Each row in the matrix represents a TF binding element, and each column represents a cluster of differentially expressed genes. Clusters are ordered as in Figure 2, and thus are grouped hierarchically by similarity of their extremal expression fold-change under the four TLR agonists LPS, Pam3CSK4, poly I:C, and R848. Each motif (row) is associated with one or more position-weight matrices (the V$ prefix and numeric suffixes are omitted, and results for multiple position-weight matrices representing the same motif were combined for each column, by taking the matrix with the maximum number of matches within the indicated cluster). Each colored block in the matrix indicates pair of a motif and target cluster for which the fraction of genes in the cluster with a motif match, is enriched relative to the overall fraction of genes expressed in the macrophage that possess the motif (P≤10−2, Fisher's exact test). The color of each matrix element (block) in the interior of the figure indicates the fraction scanned of genes within the cluster containing at least one match for the indicated motif. The number of scanned genes within the cluster that contained a match for the indicated motif is shown in yellow typeface. The red/green colored blocks above the top horizontal axis shows whether each cluster is upregulated (red) or downregulated (green) at its most extremal fold-change under stimulation with the aforementioned TLR agonists. The hatched green/red pattern indicates a cluster whose extremal fold-change direction (up/down) is stimulus-dependent (see Figure 2). The colored (blue, cyan, orange, yellow, purple) blocks above the top of the matrix indicate the likely pathway through which the cluster is differentially expressed; the color scheme corresponds to that shown in the dendrogram in Figure 2.
Figure 6
Figure 6. Transcription factor genes associated with clusters in the inferred transcriptional network.

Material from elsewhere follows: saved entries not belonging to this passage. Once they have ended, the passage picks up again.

(* Let $P=\langle p_1,\dots,p_n\rangle$ be a set of points in convex position with positive weights $w_1,\dots,w_n$. For any canonical triple $(i,j,k)$, including the case $k=0$, $$f(i,j,k)=\begin{cases}\max_{p_l\in P_k(i,j)}\bigl(f(i,l,j)+f(l,j,i)+w_l\bigr), & \text{if } P_k(i,j)\neq\emptyset,\\ 0, & \text{otherwise.}\end{cases}$$
   Context: $P$ is in convex position (every point is a hull vertex), no three points collinear, no four cocircular, listed counterclockwise along the hull as the cyclic list $\langle p_1,\dots,p_n\rangle$; $P(i,j)$ denotes the points strictly between $p_i$ and $p_j$ when moving counterclockwise from $p_i$ to $p_j$. An independent set is a subset of $P$ whose pairwise Euclidean distances all exceed $1$. For three points $p,q,s$, $D(p,q,s)$ is the disk whose boundary circle passes through $p,q,s$. A canonical triple $(i,j,k)$ with $k\ne 0$ consists of indices such that $p_i,p_j,p_k$ are in counterclockwise order in $P$ and have pairwise distances greater than $1$; also $(i,j,0)$ is a canonical triple whenever $|p_ip_j|>1$, where $p_0$ is a dummy point and $D(p_i,p_j,p_0)$ is taken to be the halfplane to the left of the directed segment from $p_i$ to $p_j$. For a canonical triple, $P_k(i,j)=\{p\in P(i,j): p\notin D(p_i,p_j,p_k),\ |pp_i|>1,\ |pp_j|>1\}$, and $f(i,j,k)$ is the maximum total weight of a subset $P'\subseteq P(i,j)$ lying outside $D(p_i,p_j,p_k)$ such that $P'\cup\{p_i,p_j\}$ is an independent set (and $0$ if there is no nonempty such subset). *)

From HB Require Import structures.
From mathcomp Require Import all_boot all_order all_algebra.
From mathcomp Require Import boolp.
Set Implicit Arguments. Unset Strict Implicit. Unset Printing Implicit Defensive.
Import Order.TTheory GRing.Theory Num.Theory.
Local Open Scope ring_scope.

Section Geometry.
Variable R : rcfType.
Definition pt := (R * R)%type.

Definition dist (a b : pt) : R :=
  Num.sqrt ((a.1 - b.1) ^+ 2 + (a.2 - b.2) ^+ 2).

(* orientation determinant: > 0 iff c lies strictly left of directed a->b *)
Definition orient (a b c : pt) : R :=
  (b.1 - a.1) * (c.2 - a.2) - (b.2 - a.2) * (c.1 - a.1).

Definition in_disk (a b s x : pt) : Prop :=
  exists c : pt, dist c a = dist c b /\ dist c b = dist c s /\ dist c x <= dist c a.

Definition cocircular (a b s t : pt) : Prop :=
  exists c : pt, dist c a = dist c b /\ dist c b = dist c s /\ dist c s = dist c t.
End Geometry.

(* Points are indexed by 'I_n.+1 : indices 1..n are the points p_1..p_n of the
   cyclic list <p_1,...,p_n>; index 0 is the dummy point p_0 (its coordinates
   are never used). *)
Section Problem.
Variables (R : rcfType) (n : nat) (p : 'I_n.+1 -> pt R) (w : 'I_n.+1 -> R).

(* p_1..p_n are in convex position, no three collinear, listed counterclockwise
   along the hull: every index-ordered triple is strictly counterclockwise. *)
Definition convex_ccw : Prop :=
  forall a b c : 'I_n.+1, (0 < a)%N -> (a < b)%N -> (b < c)%N ->
    0 < orient (p a) (p b) (p c).

Definition no_four_cocircular : Prop :=
  forall a b c d : 'I_n.+1, (0 < a)%N -> (0 < b)%N -> (0 < c)%N -> (0 < d)%N ->
    uniq [:: a; b; c; d] -> ~ cocircular (p a) (p b) (p c) (p d).

(* l \in P(i,j): p_l strictly between p_i and p_j counterclockwise *)
Definition between (i j l : 'I_n.+1) : bool :=
  (0 < l)%N && (if (i < j)%N then (i < l < j)%N else (i < l)%N || (l < j)%N).

(* membership in D(p_i,p_j,p_k); for k = 0, the halfplane left of p_i -> p_j *)
Definition in_D (i j k : 'I_n.+1) (x : pt R) : Prop :=
  if (k == 0 :> nat) then (0 < orient (p i) (p j) x : Prop)
  else in_disk (p i) (p j) (p k) x.

Definition far (a b : 'I_n.+1) : bool := 1 < dist (p a) (p b).

Definition canonical_triple (i j k : 'I_n.+1) : bool :=
  if (k == 0 :> nat) then [&& (0 < i)%N, (0 < j)%N & far i j]
  else [&& (0 < i)%N, between i k j, far i j, far j k & far i k].

Definition independent (S : {set 'I_n.+1}) : bool :=
  [forall a in S, forall b in S, (a != b) ==> far a b].

Definition feasible (i j k : 'I_n.+1) (S : {set 'I_n.+1}) : bool :=
  [forall l in S, between i j l && ~~ `[< in_D i j k (p l) >]]
  && independent (i |: (j |: S)).

Definition f (i j k : 'I_n.+1) : R :=
  \big[Num.max/0]_(S : {set 'I_n.+1} | feasible i j k S) \sum_(l in S) w l.

Definition Pk (i j k : 'I_n.+1) : {set 'I_n.+1} :=
  [set l | [&& between i j l, ~~ `[< in_D i j k (p l) >], far l i & far l j]].
End Problem.

(* Both inequalities split a feasible set at one point.  Given a feasible set S
   for (i,j,k), let p_l be the point of S seeing p_i p_j under the widest angle:
   every other point of S lies outside D(p_i,p_l,p_j), so the rest of S splits
   into feasible sets for (i,l,j) and (l,j,i).  Conversely, for p_l in P_k(i,j),
   optimal sets for (i,l,j) and (l,j,i) together with p_l are feasible for
   (i,j,k): a point of P(i,j) outside D(p_i,p_l,p_j) stays outside
   D(p_i,p_j,p_k), and distances across the two halves exceed 1 because a
   diagonal of a convex quadrilateral whose fourth vertex lies inside the circle
   through the other three is at least as long as one of its adjacent sides.
   All these facts are sign conditions on orientation and in-circle
   determinants. *)

From HB Require Import structures.
From mathcomp Require Import all_boot all_order all_algebra.
From mathcomp Require Import boolp.
From mathcomp Require Import ring lra zify.
Set Implicit Arguments. Unset Strict Implicit. Unset Printing Implicit Defensive.
Import Order.TTheory GRing.Theory Num.Theory.
Local Open Scope ring_scope.

Section Circles.
Variable R : rcfType.
Implicit Types a b c d x z : pt R.

Definition sqdist a b : R := (a.1 - b.1) ^+ 2 + (a.2 - b.2) ^+ 2.

(* [(a - b) . (c - b)]: its sign is that of the cosine of the angle at [b]. *)
Definition dotp a b c : R :=
  (a.1 - b.1) * (c.1 - b.1) + (a.2 - b.2) * (c.2 - b.2).
Lemma card_supsets_switch k :
  #|supsets k S| <= 2 * hdeg (odd_hypergraph k A) S + #|unswitchable k|.
Proof.
set Q := supsets k S; set B := unswitchable k; set O := [set e in Q | odd #|e :&: A|].
have -> : hdeg (odd_hypergraph k A) S = #|O|.
  by apply: eq_card => e; rewrite !inE andbC andbA.
have even_to_odd : #|Q :\: O :\: B| <= #|O|.
  rewrite -(card_imset _ (can_inj switchK)); apply/subset_leq_card/subsetP.
  move=> _ /imsetP[e + ->]; rewrite !inE => /and3P[notB notO /andP[Se ke]].
  move: notB notO; rewrite Se ke /= negbK => sw ev.
  by rewrite subset_switch // card_switch ke odd_switch.
rewrite -(cardsID O Q) -(cardsID B (Q :\: O)).
have := subset_leq_card (subsetIr Q O); have := subset_leq_card (subsetIr (Q :\: O) B).
lia.
Qed.

Definition blocked : {set V} :=
  [set v | (v \notin S) && [forall j, (v \in P j) ==> ~~ [disjoint P j & S]]].
Lemma doubly_substochastic_le_sdot M N (a : 'I_M -> C) (b : 'I_N -> C)
    (S : 'I_M -> 'I_N -> C) (sa sb : seq C) :
  (forall i, 0 <= a i) -> (forall k, 0 <= b k) -> doubly_substochastic S ->
  perm_eq sa [seq a i | i <- enum 'I_M] -> perm_eq sb [seq b k | k <- enum 'I_N] ->
  \sum_i \sum_k a i * S i k * b k <= sdot (decr sa) (decr sb).
Proof.
move=> ha hb [hS hrow hcol] hsa hsb.
have hpa : perm_eq (decr sa) [seq a i | i <- enum 'I_M].
  by apply: perm_trans hsa; rewrite perm_sort.
have hpb : perm_eq (decr sb) [seq b k | k <- enum 'I_N].
  by apply: perm_trans hsb; rewrite perm_sort.
have all_ge0 M' (f : 'I_M' -> C) s : (forall i, 0 <= f i) ->
    perm_eq s [seq f i | i <- enum 'I_M'] -> all (fun x => 0 <= x) s.
  by move=> hf hs; rewrite (perm_all _ hs); apply/allP => _ /mapP[i _ ->].
have [hadec ha0] := nth_sorted_ge
  (decr_sorted_ge0 (all_ge0 _ _ _ ha hsa)) (all_ge0 _ _ _ ha hpa).
have [hbdec hb0] := nth_sorted_ge
  (decr_sorted_ge0 (all_ge0 _ _ _ hb hsb)) (all_ge0 _ _ _ hb hpb).
have [pa ea] := nth_perm_eq_map_enum hpa; have [pb eb] := nth_perm_eq_map_enum hpb.
rewrite (reindex_inj (@perm_inj _ pa)) /=.
under eq_bigr do rewrite (reindex_inj (@perm_inj _ pb)) /=.
under eq_bigr do under eq_bigr do rewrite -ea -eb.
rewrite /sdot (perm_size hpa) (perm_size hpb) !size_map -!enumT !size_enum_ord.
apply: (doubly_substochastic_le_nonincr (S := fun i k => S (pa i) (pb k))) => //.
split=> // [i|k].
  by have := hrow (pa i); rewrite (reindex_inj (@perm_inj _ pb)).
by have := hcol (pb k); rewrite (reindex_inj (@perm_inj _ pa)).
Qed.

End Rearrangement.

Section Adjoint.
Variable C : numClosedFieldType.

Lemma adj_mxK m n (A : 'M[C]_(m, n)) : adj_mx (adj_mx A) = A.
Proof. by apply/matrixP => i j; rewrite /adj_mx !mxE conjCK. Qed.

Lemma adj_mxM m n p (A : 'M[C]_(m, n)) (B : 'M[C]_(n, p)) :
  adj_mx (A *m B) = adj_mx B *m adj_mx A.
Proof. by rewrite /adj_mx map_mxM trmx_mul. Qed.

Lemma adj_mxE m n (A : 'M[C]_(m, n)) : adj_mx A = (A ^t Num.conj)%sesqui.
Proof. by rewrite /adj_mx map_trmx. Qed.

Lemma unitary_mulmx_adj n (X : 'M[C]_n) : X \is unitarymx -> X *m adj_mx X = 1%:M.
Proof. by move/unitarymxP; rewrite adj_mxE. Qed.

Lemma unitary_adj_mulmx n (X : 'M[C]_n) : X \is unitarymx -> adj_mx X *m X = 1%:M.
Proof.
move=> hX; rewrite adj_mxE -invmx_unitary //; apply: mulVmx.
exact: unitarymx_unit.
Qed.

Lemma normal_spectral_decomp n (A : 'M[C]_n) : A *m adj_mx A = adj_mx A *m A ->
  A = adj_mx (spectralmx A) *m diag_mx (spectral_diag A) *m spectralmx A.
Proof.
move=> h; have hn : A \is normalmx by apply/normalmxP; rewrite -!adj_mxE.
by rewrite adj_mxE -invmx_unitary ?spectral_unitarymx //; apply/orthomx_spectralP.
Qed.

Lemma char_poly_unitary_conj n (P D : 'M[C]_n) : P \is unitarymx ->
  char_poly (adj_mx P *m D *m P) = char_poly D.
Proof.
move=> hP.
have e : char_poly_mx (adj_mx P *m D *m P) =
    map_mx polyC (adj_mx P) *m char_poly_mx D *m map_mx polyC P.
  rewrite /char_poly_mx mulmxBr mulmxBl -!map_mxM mul_mx_scalar -scalemxAl.
  by rewrite -map_mxM unitary_adj_mulmx // map_mx1 scalemx1.
rewrite /char_poly e !det_mulmx !det_map_mx mulrC mulrA -rmorphM -det_mulmx.
by rewrite unitary_mulmx_adj // det1 rmorph1 mul1r.
Qed.

Lemma perm_eq_spectral_diag n (A : 'M[C]_n) (s : seq C) :
  A *m adj_mx A = adj_mx A *m A ->
  char_poly A = \prod_(x <- s) ('X - x%:P) ->
  perm_eq s [seq spectral_diag A 0 i | i <- enum 'I_n].
Proof.
move=> hn hc; apply: prod_XsubC_eq; rewrite -hc.
rewrite {1}(normal_spectral_decomp hn) char_poly_unitary_conj ?spectral_unitarymx //.
rewrite char_poly_trig ?diag_mx_is_trig // big_map big_enum /=.
by apply: eq_bigr => i _; rewrite mxE eqxx mulr1n.
Qed.
(* Let $\mathcal{M}=(E,\mathcal{B})$ be a matroid. If $\operatorname{rk}(\mathcal{M})\le 2$ or $|E|\le 5$, then the base configuration $V_{\mathcal{M}}$ is $2$-level.
   Context: The base configuration of a matroid $\mathcal{M}=(E,\mathcal{B})$ is $V_{\mathcal{M}}=\{\mathbf{1}_B:B\in\mathcal{B}\}\subset\mathbb{R}^E$. For a finite point set $V$ and an affine function $\ell$ nonnegative on $V$, $\{v\in V:\ell(v)=0\}$ is a face; inclusion-maximal faces different from $V$ are facets and the corresponding $\ell$ facet-defining. $V$ is $k$-level if every facet-defining affine function takes at most $k$ distinct values on $V$. *)

From HB Require Import structures.
From mathcomp Require Import all_boot all_order all_algebra.
From mathcomp Require Import reals.
Set Implicit Arguments. Unset Strict Implicit. Unset Printing Implicit Defensive.
Import Order.TTheory GRing.Theory Num.Theory.
Local Open Scope ring_scope.

Definition matroid_bases (E : finType) (BB : {set {set E}}) : Prop :=
  BB != set0 /\
  forall B1 B2, B1 \in BB -> B2 \in BB -> forall x, x \in B1 :\: B2 ->
    exists2 y, y \in B2 :\: B1 & y |: (B1 :\ x) \in BB.

(* rank of the matroid: common size of the bases *)
Definition mrank (E : finType) (BB : {set {set E}}) : nat :=
  \max_(B in BB) #|B|.

Definition indicator (R : realType) (E : finType) (B : {set E}) : E -> R :=
  fun e => (e \in B)%:R.

Definition base_config (R : realType) (E : finType) (BB : {set {set E}})
  : (E -> R) -> Prop :=
  fun v => exists2 B, B \in BB & v = indicator R B.

Definition affine_eval (R : realType) (E : finType) (a : E -> R) (b : R)
  (x : E -> R) : R := \sum_(e : E) a e * x e + b.

Definition nonneg_on (R : realType) (E : finType) (V : (E -> R) -> Prop)
  (a : E -> R) (b : R) : Prop :=
  forall v, V v -> 0 <= affine_eval a b v.

Definition zero_set (R : realType) (E : finType) (V : (E -> R) -> Prop)
  (a : E -> R) (b : R) : (E -> R) -> Prop :=
  fun v => V v /\ affine_eval a b v = 0.

Definition same_set (R : realType) (E : finType) (F G : (E -> R) -> Prop) :=
  forall v, F v <-> G v.

Definition subset_of (R : realType) (E : finType) (F G : (E -> R) -> Prop) :=
  forall v, F v -> G v.

Definition is_face (R : realType) (E : finType) (V F : (E -> R) -> Prop) : Prop :=
  exists a b, nonneg_on V a b /\ same_set F (zero_set V a b).

Definition is_facet (R : realType) (E : finType) (V F : (E -> R) -> Prop) : Prop :=
  is_face V F /\ ~ same_set F V /\
  forall G, is_face V G -> ~ same_set G V -> subset_of F G -> subset_of G F.

Definition facet_defining (R : realType) (E : finType) (V : (E -> R) -> Prop)
  (a : E -> R) (b : R) : Prop :=
  nonneg_on V a b /\ is_facet V (zero_set V a b).

Definition k_level (R : realType) (E : finType) (k : nat)
  (V : (E -> R) -> Prop) : Prop :=
  forall a b, facet_defining V a b ->
    exists s : seq R, (size s <= k)%N /\
      forall v, V v -> affine_eval a b v \in s.

From mathcomp Require Import all_boot all_order all_algebra.
From mathcomp Require Import reals.
From mathcomp Require Import zify ring lra.
Set Implicit Arguments. Unset Strict Implicit. Unset Printing Implicit Defensive.
Import Order.TTheory GRing.Theory Num.Theory.
Local Open Scope ring_scope.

(A) The matrix shows associations between transcription factor genes and co-expressed gene clusters. Each column represents one of the 27 clusters within the inferred network, and each row represents one of the 36 transcription factor genes in the network. Clusters are ordered based on the LPS response time, defined as the time (under LPS stimulation) at which the cluster-median differential expression level reaches 25% of the maximum differential expression (see Materials and Methods, Expression Clustering). Transcription factor genes are ordered based on the LPS response time. The vertical gray line separates upregulated clusters (left half) from downregulated clusters (right half). The horizontal gray line separates upregulated transcription factors (top) from downregulated transcription factors (bottom). An orange or blue square indicates a statistically significant association between the transcription factor gene and the cluster, based on both promoter scanning and expression dynamics. An orange solid rectangle represents a positive average time-lagged correlation with genes in the cluster; a blue solid rectangle represents a negative average time-lagged correlation. (B) The red-green matrix is a heat-map showing transcription factor gene expression. The color indicates the normalized differential expression of the indicated transcription factor gene (over time), in LPS-stimulated wild-type macrophages (SDR, see Equation 1). Red indicates upregulation relative to unstimulated macrophages and green indicates downregulation. A diamond symbol indicates the transcription factor response time. (C) Each column of the red-green matrix indicates the median normalized differential expression of the genes in the indicated cluster (over time), in LPS-stimulated wild-type macrophages. The diamond indicates the average LPS response time of the genes within the cluster.